Sqoop Executer

The Sqoop Executor is a pipeline component designed to efficiently transfer data between Hadoop (Hive/HDFS) and structured data stores such as relational databases (e.g., MySQL, Oracle, SQL Server).

It leverages Apache Sqoop commands to support:

  • Importing data from relational databases into Hadoop.

  • Exporting data from Hadoop to relational databases.

  • Running SQL queries directly on source systems.

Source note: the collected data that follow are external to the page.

Variables (theta lambda T : R) (b : R -> R).
Hypothesis ha : 0 < a.
Hypothesis htheta : 0 <= theta.
Hypothesis hlam : 1 / 2 < lambda < 1.
Hypothesis hk : 1 <= k.
Hypothesis hka : 1 <= k * (lambda * a).
Hypothesis hM : 0 < coercivity a k.
Hypothesis hub_small : forall x, 0 <= x <= L ->
  0 < ubar x <= small_const a theta L k /\ ubar x <= (1 - lambda) * (a / 2) /\
  ubar x <= 1 / (4 * k * exp 1) /\ Rabs (Derive ubar x) <= small_const a theta L k.
Hypothesis hu_small : forall t x, 0 <= t <= T -> 0 <= x <= L ->
  Rabs (u t x) <= small_const a theta L k /\ Rabs (u t x) <= (1 - lambda) * (a / 2) /\
  Rabs (u t x) <= 1 / (4 * k * exp 1) /\
  Rabs (px u t x) <= small_const a theta L k /\ Rabs (pt u t x) <= small_const a theta L k.
Hypothesis hpde : forall t x, 0 <= t <= T -> 0 <= x <= L ->
  pt (pt u) t x + 2 * (ubar x + u t x) * px (pt u) t x
    - (a ^ 2 - (ubar x + u t x) ^ 2) * px (px u) t x
  = source theta a (ubar x) (Derive ubar x) (u t x) (px u t x) (pt u t x).
Hypothesis hbc : forall t, 0 <= t <= T -> px u t 0 = k * pt u t 0 /\ u t L = b t.

Lemma total_velocity_le t x : 0 <= t <= T -> 0 <= x <= L ->
  Rabs (ubar x + u t x) <= (1 - lambda) * a.
Proof.
intros ht hx. destruct (hub_small x hx) as (h1&h2&_). destruct (hu_small t x ht hx) as (_&h3&_).
replace ((1 - lambda) * a) with ((1 - lambda) * (a / 2) + (1 - lambda) * (a / 2)) by field.
apply Rabs_plus_le; [rewrite Rabs_pos_eq|]; lra.
Qed.

Lemma energy_remainder_le t x : 0 <= t <= T -> 0 <= x <= L ->
  energy_density_dt t x - energy_flux_dx t x
  <= - decay_rate L k * energy_density t x
     + decay_rate L k / energy_H1_const a k L * (u t x ^ 2 - 2 * L ^ 2 * px u t x ^ 2).
Proof.
intros ht hx.
destruct (hub_small x hx) as (h1&h2&_&h4). destruct (hu_small t x ht hx) as (h5&_&_&h8&h9).
assert (hw := total_velocity_le t x ht hx).
assert ((1 - lambda) * a <= a / 2) by nra.
rewrite (energy_balance theta t x (hpde t x ht hx)).
apply remainder_le; try assumption; try lra.
apply exp_weight_bounds; assumption.
Qed.

Lemma energy_flux_inflow_nonneg t : 0 <= t <= T -> 0 <= energy_flux t 0.
Proof.
intros ht. unfold energy_flux.
replace (exp (- (0 / L))) with 1 by (unfold Rdiv; rewrite Rmult_0_l, Ropp_0, exp_0; reflexivity).
rewrite (proj1 (hbc t ht)).
apply (flux_inflow_nonneg a k lambda); try lra.
apply total_velocity_le; lra.
Qed.

Lemma energy_flux_outflow_le t : 0 < t < T -> energy_flux t L <= exp 1 * (k * a * Derive b t) ^ 2.
Proof.
intros ht.
assert (hbt : pt u t L = Derive b t).
{ apply Derive_ext_loc. apply (filter_imp (fun s => 0 < s < T)).
  - intros s hs. apply hbc. lra.
  - apply (open_and _ _ (open_gt 0) (open_lt T)). exact ht. }
assert (hLL : 0 <= L <= L) by lra.
destruct (hub_small L hLL) as (h1&_&h3&_). destruct (hu_small t L ltac:(lra) hLL) as (_&_&h7&_).
assert (hw := total_velocity_le t L ltac:(lra) hLL).
unfold energy_flux. rewrite <- hbt.
replace (exp (- (L / L))) with (/ exp 1) by (rewrite <- exp_Ropp; f_equal; field; lra).
apply flux_outflow_le; [lra | |].
- assert ((1 - lambda) * a <= a) by nra. lra.
- pose proof (exp_pos 1).
  replace (/ exp 1) with (2 * k * (1 / (4 * k * exp 1) + 1 / (4 * k * exp 1))) by (field; lra).
  apply Rmult_le_compat_l; [lra|]. apply Rabs_plus_le; [rewrite Rabs_pos_eq|]; lra.
Qed.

  • Exploring available databases and tables for integration tasks.

Configuration Sections

All configurations for the Sqoop Executor are classified into:

  • Basic Information

  • Meta Information

  • Resource Configuration

Basic Information Tab

The Basic Information tab is the default view when configuring the component. It defines general execution and deployment properties.

Field
Description
Required

Invocation Type

Select the execution mode: Batch or Real-Time.

Yes

Deployment Type

Displays the deployment type of the component (pre-selected).

Yes

Container Image Version

Displays the Docker image version for the component (pre-selected).

Yes

Failover Event

Select an event to handle failure scenarios.

Optional

Batch Size

Maximum number of records processed in one execution cycle (minimum: 10).

Yes

Meta Information Tab

The Meta Information tab defines database connection properties and Sqoop command execution details.

Field
Description
Required

Username

Username for connecting to the relational database.

Yes

Host

Hostname or IP address of the database server.

Yes

Port

Database port number (default: 22).

Yes

Authentication

Select authentication type: Password or PEM/PPK File.

Yes

Password / PEM/PPK File

Depending on authentication type: provide password or upload PEM/PPK key file.

Conditional

Command

Enter the Sqoop command (import, export, eval, list-databases, etc.).

Yes

Common Sqoop Commands

Import Data

Import a relational database table into Hadoop (HDFS).

sqoop import \
  --connect jdbc:mysql://hostname/database_name \
  --username your_username \
  --password your_password \
  --table your_table \
  --target-dir /user/hadoop/sqoop_data

Export Data

Export data from Hadoop into a relational database.

sqoop export \
  --connect jdbc:mysql://hostname/database_name \
  --username your_username \
  --password your_password \
  --table your_table \
  --export-dir /user/hadoop/sqoop_data

Evaluate Queries

Test SQL queries on the database without performing import/export.

sqoop eval \
  --connect jdbc:mysql://hostname/database_name \
  --username your_username \
  --password your_password \
  --query "SELECT * FROM your_table"

List Databases

List all available databases on the source server.

sqoop list-databases \
  --connect jdbc:mysql://hostname \
  --username your_username \
  --password your_password

Saving the Sqoop Executor

  • Click Save Component (Storage icon).

  • A success notification confirms the configuration has been saved.

Example Workflow

  1. Configure Sqoop Executor with import command to bring transactional data from MySQL into Hadoop HDFS.

  2. Process and transform the ingested data using Spark or Hive.

  3. Configure another Sqoop Executor with export command to push the processed results back into MySQL for downstream analytics.